Scientific classification
- Kingdom: Animalia
- Phylum: Chordata
- Class: Aves
- Order: Anseriformes
- Family: Anatidae
- Genus: Anser
- Species: A. cygnoides
- Binomial name: Anser cygnoides (Linnaeus, 1758)
- Synonyms: Anser cygnoid (Linnaeus, 1758) (see text); Anas cygnoid Linnaeus, 1758; Cycnopsis cygnoides (lapsus); Cygnopsis cygnoides (Linnaeus, 1758);

= Swan goose =

- Genus: Anser
- Species: cygnoides
- Authority: (Linnaeus, 1758)
- Conservation status: EN
- Synonyms: Anser cygnoid (Linnaeus, 1758) (see text), Anas cygnoid Linnaeus, 1758, Cycnopsis cygnoides (lapsus), Cygnopsis cygnoides (Linnaeus, 1758)

Species of bird

The swan goose (Anser cygnoides) is a large goose with a natural breeding range in inland Mongolia, Northeast China, and the Russian Far East. It is migratory and winters mainly in central and eastern China. Vagrant birds are encountered in Japan and Korea (where it used to winter in numbers when it was more common), and more rarely in Kazakhstan, Laos, coastal Siberia, Taiwan, Thailand and Uzbekistan.

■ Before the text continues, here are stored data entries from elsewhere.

(* If $X$ is a locally finite simplicial set, then the ring $\mathbb Z^{(X)}$ is $s$-unital: for every finite family $\phi_1,\dots,\phi_n\in\mathbb Z^{(X)}$ there exists $\mu\in\mathbb Z^{(X)}$ with $\phi_i\mu=\mu\phi_i=\phi_i$ for all $i$.
   Context: $\mathbb Z^{\Delta^n}=\mathbb Z[t_0,\dots,t_n]/(t_0+\dots+t_n-1)$ forms a simplicial ring; $\mathbb Z^X=\hom_{\mathrm{sSet}}(X,\mathbb Z^{\Delta^\bullet})$ with pointwise multiplication; the support of $\phi$ is the simplicial subset generated by the simplices on which $\phi$ is nonzero; $\mathbb Z^{(X)}$ is the ideal of elements with finite support. $X$ is locally finite if every simplex is a face of only finitely many nondegenerate simplices (i.e. for each $\sigma$, finitely many nondegenerate $\tau$ with $\langle\tau\rangle\supset\langle\sigma\rangle$). *)

From HB Require Import structures.
From mathcomp Require Import all_boot all_order all_algebra.
From Stdlib Require Import List.
Set Implicit Arguments. Unset Strict Implicit. Unset Printing Implicit Defensive.
Import Order.TTheory GRing.Theory Num.Theory.
Local Open Scope ring_scope.

(** * Integer polynomials in [n] variables t_0, ..., t_(n-1), as iterated
    univariate polynomials: mpoly n.+1 = (mpoly n)[t_n]. *)
Fixpoint mpoly (n : nat) : comNzRingType :=
  match n with
  | 0 => int
  | k.+1 => {poly mpoly k} : comNzRingType
  end.

(** the variable t_i in mpoly n (garbage 0 if i >= n) *)
Fixpoint mvar (n : nat) (i : nat) : mpoly n :=
  match n return mpoly n with
  | 0 => 0
  | k.+1 => if i == k then ('X : {poly mpoly k}) else ((mvar k i)%:P : {poly mpoly k})
  end.

Fixpoint meval (S : comNzRingType) (v : nat -> S) (n : nat) : mpoly n -> S :=
  match n return mpoly n -> S with
  | 0 => fun p => (p : int)%:~R
  | k.+1 => fun p =>
      \sum_(j < size (p : {poly mpoly k})) meval v (p : {poly mpoly k})`_j * v k ^+ j
  end.

(** * The simplicial ring Z^{Delta^n} = Z[t_0,...,t_n]/(t_0+...+t_n - 1).
    Elements are represented by polynomials in mpoly n.+1; [eqD n p q]
    is equality in the quotient ring. *)
Definition eqD (n : nat) (p q : mpoly n.+1) : Prop :=
  exists r : mpoly n.+1, p - q = (\sum_(i < n.+1) mvar n.+1 i - 1) * r.

Definition pullD (m n : nat) (f : 'I_m.+1 -> 'I_n.+1) (p : mpoly n.+1) : mpoly m.+1 :=
  meval (fun j : nat => \sum_(i < m.+1 | (f i : nat) == j) mvar m.+1 i) p.

(** * Simplicial sets, as contravariant functors on the simplex category.
    A morphism [m] -> [n] of Delta is a monotone map 'I_m.+1 -> 'I_n.+1. *)
Definition monotone (m n : nat) (f : 'I_m -> 'I_n) : Prop :=
  forall i j : 'I_m, (i <= j)%N -> (f i <= f j)%N.

Record sSet := SSet {
  sob :> nat -> Type;
  sact : forall m n : nat, ('I_m.+1 -> 'I_n.+1) -> sob n -> sob m;
  sact_id : forall n (x : sob n), sact (fun i => i) x = x;
  sact_comp : forall m n k (f : 'I_m.+1 -> 'I_n.+1) (g : 'I_n.+1 -> 'I_k.+1)
      (x : sob k), monotone f -> monotone g ->
      sact f (sact g x) = sact (fun i => g (f i)) x
}.

(** the simplex [y] is a face (iterated, possibly degenerate) of [x],
    i.e. y lies in the simplicial subset generated by x *)
Definition is_face (X : sSet) (m n : nat) (y : X m) (x : X n) : Prop :=
  exists f : 'I_m.+1 -> 'I_n.+1, monotone f /\ y = sact f x.

(** degenerate: image of a simplex of lower dimension under a structure map
    (equivalently, in the image of some degeneracy s_i) *)
Definition degenerate (X : sSet) (n : nat) (x : X n) : Prop :=
  exists (k : nat) (y : X k) (g : 'I_n.+1 -> 'I_k.+1),
    (k < n)%N /\ monotone g /\ x = sact g y.

Definition nondegenerate (X : sSet) (n : nat) (x : X n) : Prop :=
  ~ degenerate x.

Definition locally_finite (X : sSet) : Prop :=
  forall (m : nat) (s : X m), exists L : list {n : nat & X n},
    forall (n : nat) (t : X n), nondegenerate t -> is_face s t ->
      In (existT (fun k => X k) n t) L.

(** * Z^X = hom_sSet(X, Z^{Delta^.}), represented by families of
    representatives, compatible with the simplicial structure
    (up to equality in the quotient rings). *)
Record ZX (X : sSet) := MkZX {
  zfam :> forall n : nat, X n -> mpoly n.+1;
  zcompat : forall m n (f : 'I_m.+1 -> 'I_n.+1) (x : X n), monotone f ->
      eqD (zfam (sact f x)) (pullD f (zfam x))
}.

Definition in_support (X : sSet) (phi : ZX X) (m : nat) (z : X m) : Prop :=
  exists (n : nat) (x : X n), ~ eqD (phi n x) 0 /\ is_face z x.

(** phi lies in Z^(X): its support is finite, i.e. has finitely many
    nondegenerate simplices *)
Definition finite_support (X : sSet) (phi : ZX X) : Prop :=
  exists L : list {n : nat & X n},
    forall (m : nat) (z : X m), nondegenerate z -> in_support phi z ->
      In (existT (fun k => X k) m z) L.

From Pilot Require Import Defs.
From HB Require Import structures.
From mathcomp Require Import all_boot all_order all_algebra ring.
From Stdlib Require Import List ClassicalEpsilon Classical FunctionalExtensionality.
Set Implicit Arguments. Unset Strict Implicit.
Import GRing.Theory.
Local Open Scope ring_scope.

(* For a set Q of vertices of X, the "vertex indicator" mu_Q assigns to an
   n-simplex x the element  sum_{j : vertex j of x lies in Q} t_j  of
   Z^{Delta^n}; this family is compatible with the simplicial structure, so
   mu_Q lies in Z^X.  Take Q to be the set of vertices lying in the support of
   some phi_i.  If phi_i(x) is nonzero, all vertices of x lie in Q, so
   mu_Q(x) = t_0 + ... + t_n = 1 in Z^{Delta^n}; if phi_i(x) = 0 both products
   vanish.  Hence phi_i mu_Q = mu_Q phi_i = phi_i.  Finally, Q is finite
   (each phi_i has finite support) and a simplex on which mu_Q is nonzero has
   a vertex in Q; writing it as a degeneracy of a nondegenerate simplex y,
   the simplex y is a nondegenerate coface of that vertex.  Local finiteness
   bounds the possible y, and each y has finitely many nondegenerate faces,
   so mu_Q has finite support. *)

Section Evaluation.
Variables (S : comNzRingType) (v : nat -> S).

Lemma meval0 k : meval v (0 : mpoly k) = 0.
Proof. by case: k => [|k] //=; rewrite size_poly0 big_ord0. Qed.

Lemma meval_widen k (p : mpoly k.+1) N : (size (p : {poly mpoly k}) <= N)%N ->
  meval v p = \sum_(j < N) meval v (p : {poly mpoly k})`_j * v k ^+ j.
Proof.
move=> hN /=.
rewrite (big_ord_widen N (fun j => meval v (p : {poly mpoly k})`_j * v k ^+ j)) //.
rewrite big_mkcond /=; apply: eq_bigr => i _.
case: ifP => // /negbT; rewrite -leqNgt => hi.
by rewrite seq.nth_default // meval0 mul0r.
Qed.

Lemma mevalD k (p q : mpoly k) : meval v (p + q) = meval v p + meval v q.
Proof.
elim: k p q => [|k IH] p q; first by rewrite /= intrD.
set N := maxn (size (p : {poly mpoly k})) (size (q : {poly mpoly k})).
rewrite (@meval_widen k (p + q) N); last exact: size_polyD.
rewrite (@meval_widen k p N) ?leq_maxl // (@meval_widen k q N) ?leq_maxr //.
by rewrite -big_split /=; apply: eq_bigr => i _; rewrite coefD IH mulrDl.
Qed.

Lemma meval_sum k (I : finType) (P : pred I) (F : I -> mpoly k) :
  meval v (\sum_(i | P i) F i) = \sum_(i | P i) meval v (F i).
Proof. exact: (big_morph _ (@mevalD k) (meval0 k)). Qed.

Lemma mevalC k (c : mpoly k) :
  meval v ((c%:P : {poly mpoly k}) : mpoly k.+1) = meval v c.
Proof.
rewrite (@meval_widen k _ 1); last by rewrite size_polyC leq_b1.
by rewrite big_ord1 coefC /= expr0 mulr1.
Qed.

Lemma meval1 k : meval v (1 : mpoly k) = 1.
Proof. by elim: k => [|k IH] //; rewrite -polyC1 mevalC IH. Qed.

Lemma mevalX k i : (i < k)%N -> meval v (mvar k i) = v i.
Proof.
elim: k => [|k IH] //= hi; case: eqP => [->|ne].
  rewrite -/(meval v (n:=k.+1) _) (@meval_widen k _ 2); last by rewrite size_polyX.
  by rewrite big_ord_recr big_ord1 /= !coefX /= meval0 meval1 mul0r add0r expr1 mul1r.
rewrite -/(meval v (n:=k.+1) _) mevalC IH //.
by move: hi; rewrite ltnS leq_eqVlt => /orP [/eqP|].
Qed.
End Evaluation.

Lemma eqD_mul_sum_vars n (p : mpoly n.+1) :
  eqD (p * \sum_(j < n.+1) mvar n.+1 j) p /\ eqD ((\sum_(j < n.+1) mvar n.+1 j) * p) p.
Proof. by split; exists p; ring. Qed.

Lemma eqD0_mul n (p q : mpoly n.+1) : eqD p 0 -> eqD (p * q) p /\ eqD (q * p) p.
Proof.
move=> [r]; rewrite subr0 => ->.
by split; exists (r * q - r); ring.
Qed.

Definition decide (P : Prop) : bool :=
  if excluded_middle_informative P then true else false.

Lemma decideP (P : Prop) : reflect P (decide P).
Proof. by rewrite /decide; case: excluded_middle_informative => h; constructor. Qed.

Lemma monotone_const m n (j : 'I_n) : monotone (fun _ : 'I_m => j).
Proof. by []. Qed.

Lemma monotone_comp m n p (f : 'I_m -> 'I_n) (g : 'I_n -> 'I_p) :
  monotone f -> monotone g -> monotone (fun i => g (f i)).
Proof. by move=> hf hg i j hij; apply/hg/hf. Qed.

Definition vertex (X : sSet) n (j : 'I_n.+1) (x : X n) : X 0 :=
  sact (fun _ : 'I_1 => j) x.
Arguments vertex {X n} j x.

Lemma vertex_sact (X : sSet) m n (f : 'I_m.+1 -> 'I_n.+1) (x : X n) j :
  monotone f -> vertex j (sact f x) = vertex (f j) x.
Proof. by move=> hf; rewrite /vertex sact_comp //; apply: monotone_const. Qed.

Lemma vertex_is_face (X : sSet) n (j : 'I_n.+1) (x : X n) : is_face (vertex j x) x.
Proof. by exists (fun _ => j); split; first exact: monotone_const. Qed.

Lemma is_face_trans (X : sSet) m n p (z : X m) (y : X n) (x : X p) :
  is_face z y -> is_face y x -> is_face z x.
Proof.
move=> [f [hf ->]] [g [hg ->]].
by exists (fun i => g (f i)); split; [exact: monotone_comp | rewrite sact_comp].
Qed.

(* Vertices are nondegenerate.  ([Defs.nondegenerate] is qualified because
   MathComp's [nondegenerate] for sesquilinear forms shadows it.) *)
Lemma vertex_nondegenerate (X : sSet) (v : X 0) : Defs.nondegenerate v.
Proof. by move=> [k [y [g [hk _]]]]. Qed.

Lemma degeneracy_of_nondegenerate (X : sSet) n (x : X n) :
  exists k (y : X k), Defs.nondegenerate y /\ is_face x y.
Proof.
elim/ltn_ind: n x => n IH x.
case: (classic (degenerate x)) => [[k [y [g [hk [hg ->]]]]]|nd].
  have [k' [y' [nd' hy]]] := IH k hk y.
  exists k', y'; split => //; apply: is_face_trans hy.
  by exists g; split.
by exists n, x; split => //; exists (fun i => i); split => //; rewrite sact_id.
Qed.

Lemma vertex_in_support (X : sSet) (phi : ZX X) n (x : X n) (j : 'I_n.+1) :
  ~ eqD (phi n x) 0 -> in_support phi (vertex j x).
Proof. by move=> hne; exists n, x; split => //; apply: vertex_is_face. Qed.

Section VertexIndicator.
Variables (X : sSet) (Q : X 0 -> Prop).

Definition indicator_fam {n} (x : X n) : mpoly n.+1 :=
  \sum_(j < n.+1 | decide (Q (vertex j x))) mvar n.+1 j.

(* Pulling back along f regroups the sum by the fibres of f. *)
Lemma indicator_compat m n (f : 'I_m.+1 -> 'I_n.+1) (x : X n) : monotone f ->
  eqD (indicator_fam (sact f x)) (pullD f (indicator_fam x)).
Proof.
move=> hf; exists 0; rewrite mulr0; apply/eqP; rewrite subr_eq0; apply/eqP.
rewrite /pullD /indicator_fam meval_sum.
under [RHS]eq_bigr => j _ do rewrite mevalX //.
rewrite (partition_big f (fun j => decide (Q (vertex j x)))) /=; last first.
  by move=> i; rewrite vertex_sact.
apply: eq_bigr => j hj; apply: eq_bigl => i; rewrite vertex_sact //.
case: (eqVneq (f i) j) => [->|ne]; first by rewrite hj eqxx.
by rewrite andbF; apply/esym/negbTE.
Qed.

Definition vertex_indicator : ZX X := MkZX indicator_compat.

Lemma indicator_full {n} (x : X n) : (forall j, Q (vertex j x)) ->
  vertex_indicator n x = \sum_(j < n.+1) mvar n.+1 j.
Proof. by move=> hQ; apply: eq_bigl => j; apply/decideP. Qed.

Lemma indicator_nonzero {n} (x : X n) :
  ~ eqD (vertex_indicator n x) 0 -> exists j, Q (vertex j x).
Proof.
move=> hne; apply: NNPP => hno; apply: hne; exists 0; rewrite mulr0 subr0 /=.
rewrite /indicator_fam big_mkcond big1 // => j _.
by case: decideP => // hj; case: hno; exists j.
Qed.

Lemma indicator_support m (z : X m) : in_support vertex_indicator z ->
  exists (v : X 0) n (y : X n),
    [/\ Q v, Defs.nondegenerate y, is_face v y & is_face z y].
Proof.
move=> [n [x [hne hzx]]].
have [j hj] := indicator_nonzero hne.
have [k [y [ndy hxy]]] := degeneracy_of_nondegenerate x.
exists (vertex j x), k, y; split => //; apply: is_face_trans hxy.
  exact: vertex_is_face.
exact: hzx.
Qed.
End VertexIndicator.

Lemma In_mem (T : eqType) (x : T) (s : list T) : x \in s -> List.In x s.
Proof. by elim: s => //= a s IH; rewrite seq.in_cons => /orP [/eqP ->|/IH]; auto. Qed.

Lemma finite_union (A I : Type) (s : list I) (R : I -> A -> Prop) :
  (forall i, exists L, forall a, R i a -> List.In a L) ->
  exists L, forall i, List.In i s -> forall a, R i a -> List.In a L.
Proof.
move=> H; elim: s => [|i s [L HL]]; first by exists nil.
have [Li HLi] := H i.
exists (Li ++ L)%list => j /= [<-|hj] a hR; apply: List.in_or_app; auto.
by right; apply: HL hj a hR.
Qed.
Arguments finite_union {A I} s R.

(* A simplex has finitely many nondegenerate faces: they are images under
   maps [m] -> [n] with m <= n. *)
Lemma nondegenerate_faces_finite (X : sSet) n (y : X n) :
  exists L : list {m : nat & X m}, forall m (z : X m),
    Defs.nondegenerate z -> is_face z y -> List.In (existT _ m z) L.
Proof.
exists (List.flat_map (fun m => List.map
     (fun f : {ffun 'I_m.+1 -> 'I_n.+1} => existT (fun k => X k) m (sact f y))
     (enum {ffun 'I_m.+1 -> 'I_n.+1})) (List.seq 0 n.+1)).
move=> m z nd [f [hf ez]]; subst z.
have hm : (m <= n)%N.
  by rewrite leqNgt; apply/negP => hlt; apply: nd; exists n, y, f.
apply/List.in_flat_map; exists m; split.
  by apply/List.in_seq; split; apply/leP.
apply/List.in_map_iff; exists (finfun f); split; last by apply: In_mem; rewrite mem_enum.
by congr existT; congr sact; apply: functional_extensionality => i; rewrite ffunE.
Qed.

Lemma faces_of_cofaces_finite (X : sSet) (hX : locally_finite X) m0 (v : X m0) :
  exists L : list {m : nat & X m}, forall m (z : X m) n (y : X n),
    Defs.nondegenerate y -> is_face v y -> Defs.nondegenerate z -> is_face z y ->
    List.In (existT _ m z) L.
Proof.
have [C HC] := hX m0 v.
case: (finite_union C (fun (c a : {m : nat & X m}) =>
  let (n, y) := c in let (m, z) := a in Defs.nondegenerate z /\ is_face z y))
  => [[n y]|L HL].
  have [L HL] := nondegenerate_faces_finite y.
  by exists L => [[m z] [nd hz]]; apply: HL.
by exists L => m z n y ndy hvy ndz hzy; apply: (HL (existT _ n y)) => //; apply: HC.
Qed.

Lemma indicator_finite_support (X : sSet) (hX : locally_finite X)
    (Q : X 0 -> Prop) (LQ : list {m : nat & X m}) :
  (forall v, Q v -> List.In (existT _ 0 v) LQ) ->
  finite_support (vertex_indicator Q).
Proof.
move=> hQ.
case: (finite_union LQ (fun (c a : {m : nat & X m}) =>
  let (m0, v) := c in let (m, z) := a in exists n (y : X n),
    [/\ Defs.nondegenerate y, is_face v y, Defs.nondegenerate z & is_face z y]))
  => [[m0 v]|L HL].
  have [L HL] := faces_of_cofaces_finite hX v.
  by exists L => [[m z] [n [y [ndy hvy ndz hzy]]]]; apply: (HL m z n y).
exists L => m z ndz /indicator_support [v [n [y [Qv ndy hvy hzy]]]].
by apply: (HL (existT _ 0 v)); [apply: hQ | exists n, y].
Qed.

Theorem proposition9p7 (X : sSet) (hX : locally_finite X)
    (k : nat) (phi : 'I_k -> ZX X)
    (hphi : forall i, finite_support (phi i)) :
  exists mu : ZX X, finite_support mu /\
    forall (i : 'I_k) (n : nat) (x : X n),
      eqD (phi i n x * mu n x) (phi i n x) /\
      eqD (mu n x * phi i n x) (phi i n x).
Proof.
pose Q (v : X 0) := exists i : 'I_k, in_support (phi i) v.
exists (vertex_indicator Q); split.
- case: (finite_union (enum 'I_k) (fun i (a : {m : nat & X m}) =>
    let (m, z) := a in Defs.nondegenerate z /\ in_support (phi i) z))
    => [i|LQ HLQ].
    have [L HL] := hphi i.
    by exists L => [[m z] [nd hs]]; apply: HL.
  apply: (indicator_finite_support hX (LQ := LQ)) => v [i hi].
  apply: (HLQ i _ (existT _ 0 v)); first by apply: In_mem; rewrite mem_enum.
  by split; first exact: vertex_nondegenerate.
- move=> i n x.
  case: (classic (eqD (phi i n x) 0)) => [h0|hne]; first exact: eqD0_mul.
  rewrite indicator_full; first exact: eqD_mul_sum_vars.
  by move=> j; exists i; apply: vertex_in_support.
Qed.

While uncommon in the wild, this species has been extensively domesticated, when it is known as Chinese goose. Introduced and feral populations of its domestic breeds occur in many places outside its natural range. The wild form is also kept in collections, and escapes are not unusual amongst feral flocks of other Anser and Branta geese.

==Taxonomy==
The swan goose was formally described in 1758 by the Swedish naturalist Carl Linnaeus in the tenth edition of his Systema Naturae under the binomial name Anas cygnoid. The original spelling of "cygnoid." (with a fullstop, suggesting an abbreviation) is widely treated as an orthographic error to be corrected to "cygnoides", but some authors regard cygnoid (without the fullstop) to be the correct original spelling which should be used, citing the comparable case, universally accepted, of the spelling of the name Estrilda astrild. As of early 2025, this dispute over the spelling remains unresolved.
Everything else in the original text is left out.